The remains belonged to Anna Sylvia Just, the Las Vegas Metropolitan Police Department announced Friday, after the identification was made using DNA provided by her sister.

Just, who was living in Henderson, Nevada, and working as stenographer in the late Sixties, was originally from Calgary, Alberta.

She went missing in 1968. At the time, items belonging to Just, including her suitcase and a purse with her ID in it, were discovered in the desert outside of Henderson, according to the Las Vegas Review-Journal. Police learned during their 1968 investigation that she was already the subject of a missing person’s report filed in Calgary, 8 News reports.

At the time, police investigating the young woman’s disappearance learned that she was an acquaintance of Thomas Hanley, who had served as the head of the now-defunct American Federation of Casino and Gaming Employees and the Gaming and Office Employee Union.

Hanley had ties to the Chicago mob, according to the University of Nevada, Las Vegas' Special Collections and Archives, and had previously been accused of murder.

According to police, Just had asked Hanley for money.

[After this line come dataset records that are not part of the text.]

Lemma F_continuous x z eps : 0 < eps -> exists delta, 0 < delta /\ forall x' z',
  vnorm (vsub x' x) < delta -> vnorm (vsub z' z) < delta -> Rabs (F x' z' - F x z) < eps.
Proof.
intros Heps. destruct (F_locally_lipschitz x z) as [dl [K [Hdl [HK H]]]].
set (delta := Rmin (dl / 2) (eps / (2 * (K + 1)))).
assert (Hdelta : 0 < delta) by (apply Rmin_pos; [|apply Rdiv_lt_0_compat]; lra).
assert (Hdelta1 : delta <= dl / 2) by apply Rmin_l.
assert (Hdelta2 : delta <= eps / (2 * (K + 1))) by apply Rmin_r.
exists delta; split; [exact Hdelta|]. intros x' z' Hx Hz.
replace x' with (vadd x (vsub x' x)) by vext. replace z' with (vadd z (vsub z' z)) by vext.
pose proof (pnorm_le_add (vsub x' x) (vsub z' z)).
eapply Rle_lt_trans; [apply H; lra|].
assert (Hp : pnorm (vsub x' x) (vsub z' z) < 2 * delta) by lra.
replace eps with ((K + 1) * (2 * (eps / (2 * (K + 1))))) by (field; lra).
pose proof (sqrt_pos (vdot (vsub x' x) (vsub x' x) + vdot (vsub z' z) (vsub z' z))).
unfold pnorm in *. nra.
Qed.

Lemma F_seq_continuous (x : nat -> vec nx) (z : nat -> vec nz) xb zb :
  vconverges x xb -> vconverges z zb -> Un_cv (fun j => F (x j) (z j)) (F xb zb).
Proof.
intros Hx Hz eps Heps. destruct (F_continuous xb zb eps Heps) as [delta [Hdelta H]].
destruct (Hx delta Hdelta) as [N1 HN1]; destruct (Hz delta Hdelta) as [N2 HN2].
exists (Nat.max N1 N2); intros j Hj. apply H; [apply HN1|apply HN2]; lia.
Qed.

Lemma grad_is_dirderiv x z d : is_dirderiv F x z d (vdot (gx x z) d).
Proof.
intros eps Heps. set (N := vnorm d + 1). pose proof (vnorm_nonneg d) as Hd0.
set (e := eps / N). assert (He : e * N = eps) by (unfold e; field; unfold N; lra).
destruct (F_frechet x z e) as [dl [Hdl H]]; [unfold e, N; apply Rdiv_lt_0_compat; lra|].
exists (dl / N); split; [apply Rdiv_lt_0_compat; unfold N; lra|].
intros a [Ha Hadl]. specialize (H (vscal a d) (fun _ => 0)).
assert (HaN : a * N < dl).
{ apply Rmult_lt_compat_r with (r := N) in Hadl; [|unfold N; lra].
  replace (dl / N * N) with dl in Hadl by (field; unfold N; lra). lra. }
assert (Hp : pnorm (vscal a d) (fun _ : Fin.t nz => 0) <= a * vnorm d).
{ eapply Rle_trans; [apply pnorm_le_add|]. rewrite vnorm_zero, vnorm_scal, Rabs_right; lra. }
replace (vadd z (fun _ => 0)) with z in H by vext.
rewrite vdot_zero, vdot_scalr, Rminus_0_r in H.
replace ((F (vadd x (vscal a d)) z - F x z) / a - vdot (gx x z) d)
  with ((F (vadd x (vscal a d)) z - F x z - a * vdot (gx x z) d) / a) by (field; lra).
apply Rabs_div_lt; [lra|].
assert (Hd : a * vnorm d < a * N) by (apply Rmult_lt_compat_l; unfold N; lra).
assert (He0 : 0 < e) by (unfold e, N; apply Rdiv_lt_0_compat; lra).
eapply Rle_lt_trans; [apply H; unfold N in *; nra|]. nra.
Qed.

Lemma dirderiv_eq_grad x z d : dirderiv F x z d = vdot (gx x z) d.
Proof.
apply (is_dirderiv_unique F x z d); [|apply grad_is_dirderiv].
unfold dirderiv. apply epsilon_spec. exists (vdot (gx x z) d). apply grad_is_dirderiv.
Qed.

Section Convex.
Hypothesis F_convex : convex_fun F.

Lemma convex_secant_le_grad x z d t : 0 < t ->
  F (vadd x (vscal t d)) z - F x z <= t * vdot (gx (vadd x (vscal t d)) z) d.
Proof.
intros Ht. set (y := vadd x (vscal t d)).
pose proof (dirderiv_le_of_quotient_le F y z (vscal (-1) d) _ _ t Ht
  (grad_is_dirderiv y z (vscal (-1) d))
  (fun a Ha => convex_backward_quotient_le F x z d t a F_convex Ha)) as H.
rewrite vdot_scalr in H. fold y in H.
apply Rmult_le_compat_l with (r := t) in H; [|lra].
replace (t * ((F x z - F y z) / t)) with (F x z - F y z) in H by (field; lra). lra.
Qed.

(* The Armijo test failed at the previous trial step [a / beta]. *)
Lemma armijo_backtrack_slope beta sigma x z d a :
  0 < beta -> armijo_step F beta sigma x z d a -> a < 1 ->
  sigma * vdot (gx x z) d < vdot (gx (vadd x (vscal (a / beta) d)) z) d.
Proof.
intros Hb [[|m] [Ha [_ Hfail]]] Ha1; [simpl in Ha; lra|].
specialize (Hfail m (Nat.lt_succ_diag_r m)). unfold armijo_cond in Hfail.
rewrite dirderiv_eq_grad in Hfail. apply Rnot_le_lt in Hfail.
replace (a / beta) with (beta ^ m) by (rewrite Ha; simpl; field; lra).
assert (Ht : 0 < beta ^ m) by (apply pow_lt; lra).
pose proof (convex_secant_le_grad x z d (beta ^ m) Ht).
apply Rmult_lt_reg_l with (beta ^ m); lra.
Qed.

(* xb is the midpoint of x1 and its reflection 2 xb - x1. *)
Lemma convex_midpoint_reflection xb x1 z1 w :
  F xb (vadd (vscal (1 / 2) z1) (vscal (1 - 1 / 2) w))
  <= 1 / 2 * F x1 z1 + (1 - 1 / 2) * F (vsub (vscal 2 xb) x1) w.
Proof.
replace xb with (vadd (vscal (1 / 2) x1) (vscal (1 - 1 / 2) (vsub (vscal 2 xb) x1))) at 1 by vext.
apply F_convex; lra.
Qed.

Lemma limit_point_of_bounded_values (X : vec nx -> Prop) (Z : vec nz -> Prop) x z M :
  is_compact X -> is_convex_set Z -> (forall xx, X xx -> inf_compact (F xx) Z) ->
  (forall k, X (x k)) -> (forall k, Z (z k)) -> (forall k, F (x k) (z k) <= M) ->
  exists xb zb, is_limit_point x z xb zb.
Proof.
intros HX HZ Hinf Hx Hz HM.
destruct (compact_subseq_converges X x 0 HX (fun j _ => Hx j)) as [xb [phi [HXb [Hphi Hxc]]]].
set (w := z 0%nat).
set (v := fun j => vadd (vscal (1 / 2) (z (phi j))) (vscal (1 - 1 / 2) w)).
assert (Href : Un_cv (fun j => F (vsub (vscal 2 xb) (x (phi j))) w) (F xb w)).
{ apply F_seq_continuous; [|intros e He; exists 0%nat; intros; rewrite vnorm_subxx; lra].
  pose proof (vconverges_affine _ _ (-1) (vscal 2 xb) Hxc) as H.
  replace (vadd (vscal (-1) xb) (vscal 2 xb)) with xb in H by vext.
  replace (fun j => vsub (vscal 2 xb) (x (phi j)))
    with (fun j => vadd (vscal (-1) (x (phi j))) (vscal 2 xb))
    by (apply functional_extensionality; intro; vext).
  exact H. }
destruct (Href 1 Rlt_0_1) as [N HN].
set (l := 1 / 2 * M + 1 / 2 * (F xb w + 1)).
assert (Hsub : forall j, (N <= j)%nat -> Z (v j) /\ F xb (v j) <= l).
{ intros j Hj. split; [apply HZ; [apply Hz|apply Hz|lra]|].
  specialize (HN j Hj). unfold Rdist in HN.
  pose proof (Rle_abs (F (vsub (vscal 2 xb) (x (phi j))) w - F xb w)).
  pose proof (convex_midpoint_reflection xb (x (phi j)) (z (phi j)) w).
  pose proof (HM (phi j)). unfold v, l. lra. }
destruct (compact_subseq_converges _ v N (Hinf xb HXb l) Hsub) as [vb [psi [_ [Hpsi Hvc]]]].
exists xb, (vadd (vscal 2 vb) (vscal (-1) w)), (fun j => phi (psi j)).
split; [now apply strict_incr_comp|]. apply pconverges_iff; split.
- now apply (vconverges_subseq (fun j => x (phi j))).
- replace (fun j => z (phi (psi j))) with (fun j => vadd (vscal 2 (v (psi j))) (vscal (-1) w))
    by (apply functional_extensionality; intro; unfold v; vext).
  now apply vconverges_affine.
Qed.

Section GradientContinuous.
Hypothesis grad_continuous : forall x z eps, 0 < eps -> exists delta, 0 < delta /\
  forall x' z', pnorm (vsub x' x) (vsub z' z) < delta ->
    vnorm (vsub (gx x' z') (gx x z)) < eps /\ vnorm (vsub (gz x' z') (gz x z)) < eps.

Lemma grad_dot_increment_small xb zb B eta : 0 <= B -> 0 < eta ->
  exists delta, 0 < delta /\ forall x' y z' d,
    vnorm (vsub x' xb) < delta -> vnorm (vsub y xb) < delta -> vnorm (vsub z' zb) < delta ->
    vnorm d <= B -> vdot (gx y z') d - vdot (gx x' z') d <= eta.
Proof.
intros HB Heta. set (e := eta / (2 * (B + 1))).
assert (He : e * (2 * (B + 1)) = eta) by (unfold e; field; lra).
destruct (grad_continuous xb zb e) as [dl [Hdl Hg]]; [unfold e; apply Rdiv_lt_0_compat; lra|].
exists (dl / 2); split; [lra|]. intros x' y z' d Hx Hy Hz Hd.
assert (Hclose : forall u, vnorm (vsub u xb) < dl / 2 -> vnorm (vsub (gx u z') (gx xb zb)) < e).
{ intros u Hu. apply Hg. pose proof (pnorm_le_add (vsub u xb) (vsub z' zb)). lra. }
pose proof (Hclose _ Hy); pose proof (Hclose _ Hx).
pose proof (vnorm_sub_triang (gx y z') (gx xb zb) (gx x' z')).
rewrite (vnorm_sub_sym (gx xb zb)) in H1.
rewrite <- vdot_subl. eapply Rle_trans; [apply vdot_le|].
pose proof (vnorm_nonneg (vsub (gx y z') (gx x' z'))); pose proof (vnorm_nonneg d).
assert (0 < e) by nra. nra.
Qed.

Lemma vanishing_armijo_steps_absurd (x : nat -> vec nx) (z : nat -> vec nz) (d : nat -> vec nx)
  (alpha : nat -> R) phi beta sigma xb zb B c :
  0 < beta < 1 -> 0 < sigma < 1 -> 0 <= B -> c < 0 ->
  (forall k, armijo_step F beta sigma (x k) (z k) (d k) (alpha k)) ->
  (forall k, vnorm (d k) <= B) ->
  vconverges (fun j => x (phi j)) xb -> vconverges (fun j => z (phi j)) zb ->
  Un_cv (fun j => alpha (phi j)) 0 ->
  (exists N, forall j, (N <= j)%nat -> vdot (gx (x (phi j)) (z (phi j))) (d (phi j)) <= c) ->
  False.
Proof.
intros Hb Hs HB Hc Harm Hdb Hxc Hzc Hac [N1 HN1].
destruct (grad_dot_increment_small xb zb B ((1 - sigma) * - c) HB) as [dl [Hdl Hg]]; [nra|].
set (q := dl / (2 * (B + 1))).
assert (Hq : q * (2 * (B + 1)) = dl) by (unfold q; field; lra).
destruct (Hxc (dl / 2)) as [N2 HN2]; [lra|].
destruct (Hzc dl Hdl) as [N3 HN3].
destruct (Hac (Rmin 1 (beta * q))) as [N4 HN4].
{ apply Rmin_pos; [lra|]. apply Rmult_lt_0_compat; [lra|]. unfold q; apply Rdiv_lt_0_compat; lra. }
set (j := Nat.max (Nat.max N1 N2) (Nat.max N3 N4)).
specialize (HN1 j ltac:(lia)); specialize (HN2 j ltac:(lia));
specialize (HN3 j ltac:(lia)); specialize (HN4 j ltac:(lia)).
set (k := phi j) in *. unfold Rdist in HN4. rewrite Rminus_0_r in HN4.
pose proof (Rmin_l 1 (beta * q)); pose proof (Rmin_r 1 (beta * q)).
pose proof (armijo_step_pos F beta sigma _ _ _ _ (proj1 Hb) (Harm k)) as Hapos.
rewrite Rabs_right in HN4 by lra.
set (t := alpha k / beta).
assert (Ht : 0 < t < q).
{ unfold t; split; [apply Rdiv_lt_0_compat; lra|].
  apply Rmult_lt_reg_l with beta; [lra|]. field_simplify; lra. }
pose proof (armijo_backtrack_slope beta sigma _ _ _ _ (proj1 Hb) (Harm k)
  ltac:(lra)) as Hslope. fold t in Hslope.
assert (Hy : vnorm (vsub (vadd (x k) (vscal t (d k))) xb) < dl).
{ replace (vsub (vadd (x k) (vscal t (d k))) xb) with (vadd (vsub (x k) xb) (vscal t (d k)))
    by vext.
  eapply Rle_lt_trans; [apply vnorm_add|]. rewrite vnorm_scal, Rabs_right by lra.
  pose proof (Hdb k). pose proof (vnorm_nonneg (d k)). nra. }
specialize (Hg (x k) (vadd (x k) (vscal t (d k))) (z k) (d k) ltac:(lra) Hy HN3 (Hdb k)).
assert (0 <= (1 - sigma) * (c - vdot (gx (x k) (z k)) (d k))) by (apply Rmult_le_pos; lra).
nra.
Qed.

End GradientContinuous.
End Convex.
End ContinuouslyDifferentiable.

Theorem lemma6 (nx nz : nat) (F : vec nx -> vec nz -> R)
  (X : vec nx -> Prop) (Z : vec nz -> Prop) (beta sigma : R)
  (x : nat -> vec nx) (z : nat -> vec nz) (d : nat -> vec nx) (alpha : nat -> R) :
  convex_fun F -> cont_diff F ->
  is_convex_set X -> is_compact X ->
  is_closed Z -> is_convex_set Z ->
  (forall xx, X xx -> inf_compact (F xx) Z) ->
  0 < beta < 1 -> 0 < sigma < 1 ->
  (forall k, X (x k)) -> (forall k, Z (z k)) ->
  (forall k, armijo_step F beta sigma (x k) (z k) (d k) (alpha k)) ->
  DA F X x z d -> GRA F X x z d -> SDA F x z d alpha ->
  (exists xb zb, is_limit_point x z xb zb) /\
  (forall xb zb, is_limit_point x z xb zb ->
     forall db, X (vadd xb db) -> dirderiv F xb zb db >= 0).
Proof.
intros Hconv [gx [gz [Hd Hgrad]]] _ HXk _ HZc Hinf Hb Hs HX HZ Harm HDA HGRA HSDA.
set (f := fun k => F (x k) (z k)).
assert (Hapos : forall k, 0 < alpha k)
  by (intro k; exact (armijo_step_pos F beta sigma _ _ _ _ (proj1 Hb) (Harm k))).
assert (Hstep : forall k, f (S k) <= f k + alpha k * sigma * dirderiv F (x k) (z k) (d k)).
{ intro k. destruct (Harm k) as [m [_ [Hcond _]]]. unfold armijo_cond in Hcond.
  pose proof (HSDA k). unfold f. lra. }
assert (Hdec : Un_decreasing f).
{ intro k. pose proof (Hstep k). pose proof (proj2 (HDA k)).
  pose proof (Rmult_lt_0_compat _ _ (Hapos k) (proj1 Hs)). nra. }
split.
- apply (limit_point_of_bounded_values F gx gz Hd Hconv X Z x z (f 0%nat) HXk HZc Hinf HX HZ).
  intro k. apply (decreasing_prop f 0 k Hdec). lia.
- intros xb zb [phi [Hphi Hlim]] db HXdb. apply Rnot_lt_ge; intro Hneg.
  destruct (HGRA phi xb zb Hphi Hlim (ex_intro _ db (conj HXdb Hneg))) as [c [Hc0 HN]].
  apply pconverges_iff in Hlim as [Hxc Hzc].
  assert (Halpha : Un_cv (fun j => alpha (phi j)) 0).
  { apply (armijo_steps_vanish f alpha (fun k => dirderiv F (x k) (z k) (d k)) sigma c phi
      (F xb zb) (proj1 Hs) Hc0 Hphi Hapos Hdec Hstep HN).
    exact (F_seq_continuous F gx gz Hd _ _ xb zb Hxc Hzc). }
  destruct (direction_bounded X x d HXk HX (fun k => proj1 (HDA k))) as [B [HB Hdb]].
  cbv beta in HN. setoid_rewrite (dirderiv_eq_grad F gx gz Hd) in HN.
  exact (vanishing_armijo_steps_absurd F gx gz Hd Hconv Hgrad x z d alpha phi beta sigma xb zb B c
    Hb Hs HB Hc0 Harm Hdb Hxc Hzc Halpha HN).
Qed.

In 1970, children playing in the desert found human remains in a shallow grave. The Clark County coroner's office determined the individual had died as the result of a homicide as there was a depressed fracture in the recovered skull. But they were unable to identify the remains for the next 50 years.

In 2024, police in Calgary collected DNA evidence from Just's sister, which was used to establish a connection. Las Vegas cold case investigators were subsequently able to determine that the remains belonged to Just.

Before Just’s disappearance, Hanley had been accused of killing Ralph Alsup, a member of Plumbers and Pipefitters Local 525, but the charges were subsequently dropped in 1969 with the judge citing an absence of evidence, according to the National Museum of Organized Crime and Law Enforcement.

A man named Alphonse Bass who had been scheduled to testify against Hanley in the murder trial, suffered severe burns in a house fire that same year, which ultimately led to his death.

Investigators eventually determined that the fire had been set intentionally. Police identified Hanley as a suspect but those charges were also dropped. Bass's killing was never solved.

In 1977, Hanley and his son, Andrew Garamby Hanley, pleaded guilty to the murder of Al Bramlet, head of the Culinary Union in Las Vegas.

Hanley died in police custody in 1979, aged 63.